WHAT THE TASK ASKS →
Within the material below, locate the line with "move=> Phi_tp; rewrite" and the line with "Hypothesis Phi_cptp : cptp Phi.", then return those two lines and all lines between them, exactly as written.

EXTRACTED RECORDS →
Section Choi.
Variable R : realType.
Local Notation C := R[i].
Variables (n m : nat).
Variable Phi : 'M[C]_n -> 'M[C]_m.

Definition choi : 'M[C]_(n * m) :=
  \sum_(i < n) \sum_(j < n) (delta_mx i j *t Phi (delta_mx i j)).

Lemma trace_delta p (i j : 'I_p) (A : 'M[C]_p) : \tr (delta_mx i j *m A) = A j i.
Proof.
rewrite /mxtrace (bigD1 i) //= big1 ?addr0 => [|k ki]; rewrite mxE.
  rewrite (bigD1 j) //= big1 ?addr0 => [|l lj]; rewrite !mxE.
    by rewrite !eqxx mul1r.
  by rewrite (negPf lj) andbF mul0r.
by rewrite big1 // => l _; rewrite mxE (negPf ki) mul0r.
Qed.

Lemma trace_delta1 p (i j : 'I_p) : \tr (delta_mx i j : 'M[C]_p) = (i == j)%:R.
Proof. by rewrite -[delta_mx i j]mulmx1 trace_delta mxE eq_sym. Qed.

Section Linear.
Hypothesis Phi_lin : linear_map Phi.

Lemma Phi0 : Phi 0 = 0.
Proof.
have := Phi_lin 1 0 0; rewrite !scale1r addr0 => h.
by apply: (addrI (Phi 0)); rewrite addr0 -h.
Qed.

Lemma Phi_sum (I : finType) (F : I -> 'M[C]_n) : Phi (\sum_i F i) = \sum_i Phi (F i).
Proof.
apply: (big_morph Phi _ Phi0) => A B.
by have := Phi_lin 1 A B; rewrite !scale1r.
Qed.

Lemma Phi_expand X : Phi X = \sum_i \sum_j X i j *: Phi (delta_mx i j).
Proof.
rewrite {1}(matrix_sum_delta X) Phi_sum; apply: eq_bigr => i _.
rewrite Phi_sum; apply: eq_bigr => j _.
by have := Phi_lin (X i j) (delta_mx i j) 0; rewrite !addr0 Phi0 addr0.
Qed.

Lemma trace_choi (X : 'M[C]_n) (Y : 'M[C]_m) :
  \tr (Y *m Phi X) = \tr (choi *m (X^T *t Y)).
Proof.
rewrite Phi_expand /choi mulmx_sumr mulmx_suml !raddf_sum /=; apply: eq_bigr => i _.
rewrite mulmx_sumr mulmx_suml !raddf_sum /=; apply: eq_bigr => j _.
rewrite -scalemxAr mxtraceZ tensmx_mul mxtrace_tens trace_delta mxE.
by rewrite mxtrace_mulC.
Qed.

End Linear.

Lemma trace_choi_tp : trace_preserving Phi -> \tr choi = n%:R.
Proof.
move=> Phi_tp; rewrite /choi raddf_sum /= (eq_bigr (fun _ => (1 : C))).
  by rewrite sumr_const card_ord.
move=> i _; rewrite raddf_sum /= (bigD1 i) //= big1 ?addr0 => [|j ji].
  by rewrite mxtrace_tens Phi_tp !trace_delta1 eqxx mul1r.
by rewrite mxtrace_tens trace_delta1 eq_sym (negPf ji) mul0r.
Qed.

(* the unnormalised maximally entangled vector sum_i |i>|i> *)
Definition max_ent : 'cV[C]_(n * n) :=
  \col_r (((mxtens_unindex r).1 == (mxtens_unindex r).2)%:R).

Lemma max_ent_psd : psdmx (max_ent *m adjmx max_ent).
Proof.
move=> v; rewrite -mulmxA -/(dot _ _) -mulmxA adj_mul_vec mul_mx_scalar dotZr dotC.
by rewrite mulrC mul_conjC_ge0.
Qed.

Lemma choi_ampl : ampl Phi (max_ent *m adjmx max_ent) = choi.
Proof.
rewrite /ampl /choi; apply: eq_bigr => i _; apply: eq_bigr => j _.
congr (_ *t Phi _); apply/matrixP => a b.
rewrite !mxE big_ord1 !mxE !mxtens_indexK /= conjC_nat -natrM mulnb.
by rewrite [a == i]eq_sym [b == j]eq_sym.
Qed.

Lemma choi_psd : completely_positive Phi -> psdmx choi.
Proof. by move=> Phi_cp; rewrite -choi_ampl; apply/Phi_cp/max_ent_psd. Qed.

End Choi.

Lemma prob_le_min_entropy (R : realType) (T : finType) (p : T -> R) (h : R) :
  is_distr p -> h <= Hmin p -> forall t, p t <= 2 `^ (- h).
Proof.
move=> [p0 p1] hH t.
set pm := \big[Num.max/0]_(t : T) p t.
have pt_le u : p u <= pm by apply: le_bigmax.
have pm_gt0 : 0 < pm.
  rewrite ltNge; apply/negP => pm_le0.
  have : 1 <= pm *+ #|T| by rewrite -p1 -sumr_const; apply: ler_sum => u _.
  by rewrite -mulr_natr; move/le_trans/(_ (mulr_le0_ge0 pm_le0 (ler0n _ _))); rewrite ler10.
have ln2 : 0 < ln (2 : R) by apply: ln_gt0; rewrite ltr1n.
apply: (le_trans (pt_le t)).
rewrite /powR pnatr_eq0 /= -{1}(lnK pm_gt0) ler_expR.
move: hH; rewrite /Hmin /log2 -/pm lerNr => hH.
by rewrite -(divfK (lt0r_neq0 ln2) (ln pm)) ler_wpM2r // ltW.
Qed.

Section GuessingGame.
Variable R : realType.
Local Notation C := R[i].
Local Notation s2 := ((Num.sqrt (2 : R))^-1).
Variables (lam dB dC : nat).
Variable B : bits lam -> bits lam -> 'M[C]_dB.
Variable Cm : bits lam -> bits lam -> 'M[C]_dC.
Variable Phi : 'M[C]_(qdim lam) -> 'M[C]_(dB * dC).
Hypothesis B_povm : forall th, povm (B th).
Hypothesis C_povm : forall th, povm (Cm th).
Hypothesis Phi_cptp : cptp Phi.

Local Notation N := (qdim lam).

Definition rootB th x := sqrtmx (B th x).
Definition rootC th x := sqrtmx (Cm th x).
Definition rootJ := sqrtmx (choi Phi).

Lemma rootB_adj th x : adjmx (rootB th x) = rootB th x.
Proof. exact: (psd_sqrt ((B_povm th).1 x)).1. Qed.

Lemma rootC_adj th x : adjmx (rootC th x) = rootC th x.
Proof. exact: (psd_sqrt ((C_povm th).1 x)).1. Qed.

Lemma rootB_sq th x : rootB th x *m rootB th x = B th x.
Proof. exact: (psd_sqrt ((B_povm th).1 x)).2. Qed.

Lemma rootC_sq th x : rootC th x *m rootC th x = Cm th x.
Proof. exact: (psd_sqrt ((C_povm th).1 x)).2. Qed.

Lemma rootB_sum th : \sum_x rootB th x *m rootB th x = 1%:M.
Proof. by rewrite -(B_povm th).2; apply: eq_bigr => x _; apply: rootB_sq. Qed.

Lemma rootC_sum th : \sum_x rootC th x *m rootC th x = 1%:M.
Proof. by rewrite -(C_povm th).2; apply: eq_bigr => x _; apply: rootC_sq. Qed.

Lemma rootJ_adj : adjmx rootJ = rootJ.
Proof. by case: Phi_cptp => _ Phi_cp _; exact: (psd_sqrt (choi_psd Phi_cp)).1. Qed.

Lemma rootJ_sq : rootJ *m rootJ = choi Phi.
Proof. by case: Phi_cptp => _ Phi_cp _; exact: (psd_sqrt (choi_psd Phi_cp)).2. Qed.

Lemma trace_sandwich n (L Z : 'M[C]_n) : adjmx L = L ->
  \tr (L *m Z *m L) = \sum_j dot (col j L) (Z *m col j L).
Proof.
move=> L_adj; rewrite /mxtrace; apply: eq_bigr => j _.
rewrite dotE -mulmxA mxE; apply: eq_bigr => k _.
rewrite !mxE -adjmxE L_adj; congr (_ * _).
by apply: eq_bigr => l _; rewrite mxE.
Qed.

Lemma bb84_proj_tr (x th : bits lam) : (bb84_proj x th)^T = bb84_proj x th :> 'M[C]_N.
Proof.
apply/matrixP=> a b; rewrite mxE /bb84_proj !mxE !big_ord1 !adjmxE !ket_conj.
by rewrite mulrC.
Qed.

Lemma success_as_sqnorms th x :
  \tr ((B th x *t Cm th x) *m Phi (bb84_proj x th)) =
  \sum_j sqnorm (PiBC rootB rootC th x *m col j rootJ).
Proof.
case: Phi_cptp => Phi_lin _ _.
rewrite (trace_choi Phi_lin) bb84_proj_tr -rootJ_sq -mulmxA mxtrace_mulC.
rewrite trace_sandwich ?rootJ_adj //; apply: eq_bigr => j _.
rewrite sqnorm_adj (PiBC_adj rootB_adj rootC_adj) /PiBC !tensmx_mul.
by rewrite (rho_mul_same R) eqxx scale1r rootB_sq rootC_sq.
Qed.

RESPONSE FOR THIS EXERCISE →
move=> Phi_tp; rewrite /choi raddf_sum /= (eq_bigr (fun _ => (1 : C))).
  by rewrite sumr_const card_ord.
move=> i _; rewrite raddf_sum /= (bigD1 i) //= big1 ?addr0 => [|j ji].
  by rewrite mxtrace_tens Phi_tp !trace_delta1 eqxx mul1r.
by rewrite mxtrace_tens trace_delta1 eq_sym (negPf ji) mul0r.
Qed.

(* the unnormalised maximally entangled vector sum_i |i>|i> *)
Definition max_ent : 'cV[C]_(n * n) :=
  \col_r (((mxtens_unindex r).1 == (mxtens_unindex r).2)%:R).

Lemma max_ent_psd : psdmx (max_ent *m adjmx max_ent).
Proof.
move=> v; rewrite -mulmxA -/(dot _ _) -mulmxA adj_mul_vec mul_mx_scalar dotZr dotC.
by rewrite mulrC mul_conjC_ge0.
Qed.

Lemma choi_ampl : ampl Phi (max_ent *m adjmx max_ent) = choi.
Proof.
rewrite /ampl /choi; apply: eq_bigr => i _; apply: eq_bigr => j _.
congr (_ *t Phi _); apply/matrixP => a b.
rewrite !mxE big_ord1 !mxE !mxtens_indexK /= conjC_nat -natrM mulnb.
by rewrite [a == i]eq_sym [b == j]eq_sym.
Qed.

Lemma choi_psd : completely_positive Phi -> psdmx choi.
Proof. by move=> Phi_cp; rewrite -choi_ampl; apply/Phi_cp/max_ent_psd. Qed.

End Choi.

Lemma prob_le_min_entropy (R : realType) (T : finType) (p : T -> R) (h : R) :
  is_distr p -> h <= Hmin p -> forall t, p t <= 2 `^ (- h).
Proof.
move=> [p0 p1] hH t.
set pm := \big[Num.max/0]_(t : T) p t.
have pt_le u : p u <= pm by apply: le_bigmax.
have pm_gt0 : 0 < pm.
  rewrite ltNge; apply/negP => pm_le0.
  have : 1 <= pm *+ #|T| by rewrite -p1 -sumr_const; apply: ler_sum => u _.
  by rewrite -mulr_natr; move/le_trans/(_ (mulr_le0_ge0 pm_le0 (ler0n _ _))); rewrite ler10.
have ln2 : 0 < ln (2 : R) by apply: ln_gt0; rewrite ltr1n.
apply: (le_trans (pt_le t)).
rewrite /powR pnatr_eq0 /= -{1}(lnK pm_gt0) ler_expR.
move: hH; rewrite /Hmin /log2 -/pm lerNr => hH.
by rewrite -(divfK (lt0r_neq0 ln2) (ln pm)) ler_wpM2r // ltW.
Qed.

Section GuessingGame.
Variable R : realType.
Local Notation C := R[i].
Local Notation s2 := ((Num.sqrt (2 : R))^-1).
Variables (lam dB dC : nat).
Variable B : bits lam -> bits lam -> 'M[C]_dB.
Variable Cm : bits lam -> bits lam -> 'M[C]_dC.
Variable Phi : 'M[C]_(qdim lam) -> 'M[C]_(dB * dC).
Hypothesis B_povm : forall th, povm (B th).
Hypothesis C_povm : forall th, povm (Cm th).
Hypothesis Phi_cptp : cptp Phi.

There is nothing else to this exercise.